Similar to 2019, there is no women’s event in Tahiti. Should there be? During my brief visit to Lemoore this September, I asked this question to several of the CT women. Enthusiasm levels varied, though none of the women I spoke to were opposed to the idea of competing at Teahupo’o.

Characteristically, Gilmore took a cautious approach. “I think women have some kind of like, commonsense button in their brain that goes, ‘boop, boop,’ I don’t think it’s a good idea,” she said. “But in saying that, I think if we have an event there, the women will go there and train and make that happen.” (As an aside, Gilmore is not the only female athlete who has told me that they believe women approach risk differently from men.)

Gilmore would like to see a standalone event for women at Tahiti as a first step. “Then we can pick the conditions that we know will challenge us, but kill us,” she said. This last bit came with very Australian deadpan humor, which I deeply enjoy.

You will not, I think be surprised to learn that Courtney Conlogue would go for it. “I feel like it’s in my blood,” she said. “It’s not that I would be careless about it. I prepare myself in every aspect and I know the risks I’m taking.” Conlogue says she always looked up to women such as Chelsea Georgeson, Rochelle Ballard, and Melanie Bartels, who competed at Teahupo’o when it was still on Tour.

“There’s just something about a barrel,” said Conlogue. “It’s so special. And all the spots like Tahiti are the view of a lifetime. And the adrenaline. I feel like those sensations you get in barrels like that are amazing. There’s probably moments in other sports where you experience that same feeling where everything slows down. But there’s nothing like being barreled where nature is like, hugging you. It’s like this nice little cocoon in the barrel. But I feel like, I would embrace going to Tahiti, for sure!”

Here’s Conlogue in Ireland, recently, going for it. https://www.instagram.com/p/B4aAkIZHgy5/ She looks mighty small on that wave, doesn’t she.

Eventually, the question of a women’s event at a spot like Teahupo’o or Cloudbreak brings us back to the question of money growing on trees. It’s a sport, not Unicef. Sending the women out in giant Teahupo’o probably won’t make the sport look great in the short run. In the long run, though, raising the level means pushing boundaries and making friends with fear.

Casey Brown, one of the top women in freeride mountain biking says it well: “There’s never going to be stories from comfort and security. And there will be fear out there, but you’re going to do it anyway. Because you’re best friends with fear. Fear’s your buddy.”

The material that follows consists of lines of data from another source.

Lemma share_expansion : exists K, forall H1 h1 I Ib,
  perturbed_equilibrium Rw gamma (csum ct n) (ct i) (totH h0) H1 h1 I Ib ->
  `|h1 / H1 - h0 i / totH h0 - alpha0 Rw gamma h0 *
    ((1 - alpha_i ct gamma n h0 i) * I - alpha_i ct gamma n h0 i * (Ib - I))|
  <= K * Ib ^+ 2.
Proof.
have [K bound] := second_order_remainder_bound (ct i) Rw_gt0 gamma_ge0 C_gt0 H0_gt0
  Rw (- (gamma * totH h0))
  (- (Rw ^+ 2 * gamma) + 2 * ct i * Rw * gamma * totH h0 + Rw * gamma ^+ 2 * totH h0 ^+ 2)
  (ct i * Rw * gamma + 2 * Rw * gamma ^+ 2 * totH h0 - ct i * gamma ^+ 2 * totH h0 ^+ 2)
  ((- (2 * Rw * gamma * totH h0) - ct i * Rw + ct i * gamma * totH h0 ^+ 2)
   / (Rw + gamma * totH h0 ^+ 2) ^+ 2 / (csum ct n + 2 * gamma * totH h0)).
exists K => H1 h1 I Ib pert; apply: le_trans (bound _ _ _ _ pert).
have [-> -> Q1_gt0 H1_gt0] := perturbed_closed_forms Rw_gt0 gamma_ge0 pert.
rewrite /alpha0 /alpha_i /second_order_remainder hiE le_eqVlt; apply/orP; left.
by apply/eqP; congr `|_|; field; rewrite !gt_eqF.
Qed.

End Coefficients.

Section Investment.
Variables (R : realType) (N : nat) (ct : 'I_N -> R) (ct0 : R) (n : nat).
Hypotheses (ct_gt0 : forall j, 0 < ct j) (ct0_gt0 : 0 < ct0) (ct0_le : forall j, ct0 <= ct j).
Implicit Types (i j : 'I_N) (eta : R).

Lemma cost0 (cti eta : R) : cost ct0 cti eta 0 = cti.
Proof. by rewrite /cost; ring. Qed.

Lemma cost_beta_star eta j :
  cost ct0 (ct j) eta (beta_star N n eta j) = ct j - Ired ct ct0 n eta j.
Proof. by rewrite /Ired cost0; ring. Qed.

Lemma Ired_eta eta j : 1 <= eta -> (j < n)%N ->
  Ired ct ct0 n eta j = (ct j - ct0) / (2 * eta).
Proof.
move=> eta_ge1 j_act; have eta_gt0 : 0 < eta by exact: lt_le_trans eta_ge1.
rewrite /Ired /beta_star j_act min_l; last by rewrite invf_le1.
by rewrite /cost; field; rewrite gt_eqF.
Qed.

Lemma Ired_ge0 eta j : 1 <= eta -> (j < n)%N -> 0 <= Ired ct ct0 n eta j.
Proof.
move=> eta_ge1 j_act; rewrite Ired_eta // divr_ge0 ?subr_ge0 //.
by rewrite mulr_ge0 // (le_trans ler01).
Qed.

Lemma Ired_le_Ibar eta j : 1 <= eta -> (j < n)%N ->
  Ired ct ct0 n eta j <= Ibar ct ct0 n eta.
Proof.
move=> eta_ge1 j_act; rewrite /Ibar (bigD1 j) //= lerDl.
by apply: sumr_ge0 => k /andP[k_act _]; exact: Ired_ge0.
Qed.

Lemma Ibar_le_half_csum eta : 1 <= eta -> Ibar ct ct0 n eta <= csum ct n / 2.
Proof.
move=> eta_ge1; have eta_gt0 : 0 < eta by exact: lt_le_trans eta_ge1.
rewrite /Ibar /csum mulr_suml ler_sum // => j j_act.
rewrite Ired_eta // ler_pdivrMr ?mulr_gt0 //.
have : ct j <= ct j * eta by rewrite ler_peMr // (le_trans (ltW ct0_gt0)).
move: (ct0_le j) ct0_gt0; lra.
Qed.

Lemma two_eta_Ibar_lt_csum eta i : 1 <= eta -> (i < n)%N ->
  2 * eta * Ibar ct ct0 n eta < csum ct n.
Proof.
move=> eta_ge1 i_act; have eta_gt0 : 0 < eta by exact: lt_le_trans eta_ge1.
have -> : 2 * eta * Ibar ct ct0 n eta = \sum_(j < N | (j < n)%N) (ct j - ct0).
  rewrite /Ibar mulr_sumr; apply: eq_bigr => j j_act; rewrite Ired_eta //.
  by field; rewrite gt_eqF.
rewrite sumrB /csum ltrBlDr ltrDl (bigD1 i) //= ltr_wpDr // sumr_ge0 // => j _.
exact: ltW.
Qed.

Variables (Rw gamma K : R) (h0 : 'I_N -> R) (i : 'I_N).
Hypotheses (Rw_gt0 : 0 < Rw) (gamma_ge0 : 0 <= gamma)
  (NE0 : is_NE ct ct0 0 Rw gamma K (fun j : 'I_N => (j < n)%N) (fun _ => 0) h0)
  (active0 : forall j : 'I_N, (0 < h0 j) = (j < n)%N) (i_act : (i < n)%N).

Let h0_ge0 : forall j, 0 <= h0 j. Proof. by case: NE0. Qed.

Lemma totH0_gt0 : 0 < totH h0.
Proof. by apply: (totH_gt0 h0_ge0 (i := i)); rewrite active0. Qed.

Lemma initial_closed_form :
  (forall j : 'I_N, (j < n)%N ->
     h0 j * (Rw + gamma * totH h0 ^+ 2) = totH h0 * (Rw - ct j * totH h0)) /\
  Rw + gamma * totH h0 ^+ 2 =
    (\sum_(j < N | (j < n)%N) 1) * Rw - csum ct n * totH h0.
Proof.
apply: (is_NE_closed_form (c := ct) (ltW Rw_gt0) NE0 active0 _ totH0_gt0).
by move=> j _; rewrite cost0.
Qed.

Lemma initial_lt_totH : h0 i < totH h0.
Proof.
have [closed0 _] := initial_closed_form.
exact: closed_form_lt_total Rw_gt0 gamma_ge0 (ct_gt0 i) totH0_gt0 (closed0 i i_act).
Qed.

Lemma initial_ct_lt_csum : ct i < csum ct n.
Proof. exact: lt_csum_active ct_gt0 h0_ge0 active0 i_act initial_lt_totH. Qed.

Lemma beta_star_perturbed eta hs : 1 <= eta ->
  is_NE ct ct0 eta Rw gamma K (fun j : 'I_N => (j < n)%N) (beta_star N n eta) hs ->
  (forall j : 'I_N, (0 < hs j) = (j < n)%N) ->
  perturbed_equilibrium Rw gamma (csum ct n) (ct i) (totH h0)
    (totH hs) (hs i) (Ired ct ct0 n eta i) (Ibar ct ct0 n eta).
Proof.
move=> eta_ge1 NE active.
have hs_ge0 : forall j, 0 <= hs j by case: NE.
have H_gt0 : 0 < totH hs by apply: (totH_gt0 hs_ge0 (i := i)); rewrite active.
have [closed agg] := is_NE_closed_form (ltW Rw_gt0) NE active
  (fun j _ => cost_beta_star eta j) H_gt0.
have [_ agg0] := initial_closed_form.
rewrite sumrB -/(csum ct n) -/(Ibar ct ct0 n eta) in agg.
split=> //; last exact: closed.
- by rewrite Ired_ge0 // Ired_le_Ibar.
- exact: Ibar_le_half_csum.
- exact: aggregate_shift agg0 agg.
Qed.

Lemma Qshift_lt_of_ct_lt j eta : (j < n)%N -> ct i < ct j -> 1 < eta ->
  Qshift ct ct0 gamma n h0 eta i < Qshift ct ct0 gamma n h0 eta j.
Proof.
move=> j_act cij eta_gt1; have eta_ge1 := ltW eta_gt1.
have eta_gt0 : 0 < eta by exact: lt_trans eta_gt1.
have [closed0 _] := initial_closed_form.
have hji : h0 j <= h0 i.
  apply: closed_form_antitone (ltW cij) (closed0 i i_act) (closed0 j j_act).
  by rewrite ltr_pwDl // mulr_ge0 // sqr_ge0.
have Ib_ge0 : 0 <= Ibar ct ct0 n eta.
  by apply: le_trans (Ired_le_Ibar eta_ge1 i_act); exact: Ired_ge0.
have Ib_lt : 2 * eta * Ibar ct ct0 n eta < csum ct n + 2 * gamma * totH h0.
  apply: lt_le_trans (two_eta_Ibar_lt_csum eta_ge1 i_act) _.
  by rewrite lerDl !mulr_ge0 // ltW // totH0_gt0.
have D_gt0 : 0 < csum ct n + 2 * gamma * totH h0.
  by apply: le_lt_trans Ib_lt; rewrite !mulr_ge0 // ltW.
rewrite -subr_gt0.
have -> : Qshift ct ct0 gamma n h0 eta j - Qshift ct ct0 gamma n h0 eta i =
    (ct j - ct i) * ((csum ct n + 2 * gamma * totH h0 - 2 * eta * Ibar ct ct0 n eta)
                     / (2 * eta * (csum ct n + 2 * gamma * totH h0)))
    + 2 * gamma * (h0 i - h0 j) / (csum ct n + 2 * gamma * totH h0) * Ibar ct ct0 n eta.
  by rewrite /Qshift /alpha_i !Ired_eta //; field; rewrite !gt_eqF.
rewrite ltr_pwDl ?mulr_gt0 ?invr_gt0 ?subr_gt0 ?mulr_gt0 //.
by rewrite !mulr_ge0 ?invr_ge0 ?subr_ge0 ?(ltW D_gt0).
Qed.

End Investment.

lululemon, your favorite new surf brand

The Maui Pro starts on 25 November and yes, yes, of course, I will write about it. I did not mean to wander off during Portugal. Sometimes, things happen over here! I love Honolua the most and will have my eyes glued to every heat, while also chewing my nails down to nothing over the world title race.

For the 2019 edition of Maui Pro, clothing brand lululemon has stepped in as the title sponsor. lululemon Maui Pro. And yes, the brand does not capitalize the first letter. Don’t say you never learned anything here at Beachgrit! It is so educational. As you all know, because you watch her heats obsessively, lululemon currently sponsors Malia Manuel.

What could lululemon possibly have to do with me, I ask, eyeing my teetering pile of color-coordinated sports bras and work-out wear. Yes, yes, my gym clothes have to match. I blame the part where lifting involves standing in front of an assortment of mirrors for two hours. Honestly, it’s amazingly distracting if your sports bra does not match your tights. And socks! If my socks don’t match, it’s totally over.

Also, the plates must be reracked by size. But really, I’m not at all OCD. It’s fine over here! It’s totally fine.

Okay, let’s all watch the lululemon Maui Pro in two weeks and you can hold my hand when it gets too stressful! I get so nervous when the title race is super close. Please come hold my hand and watch the scary heats with me!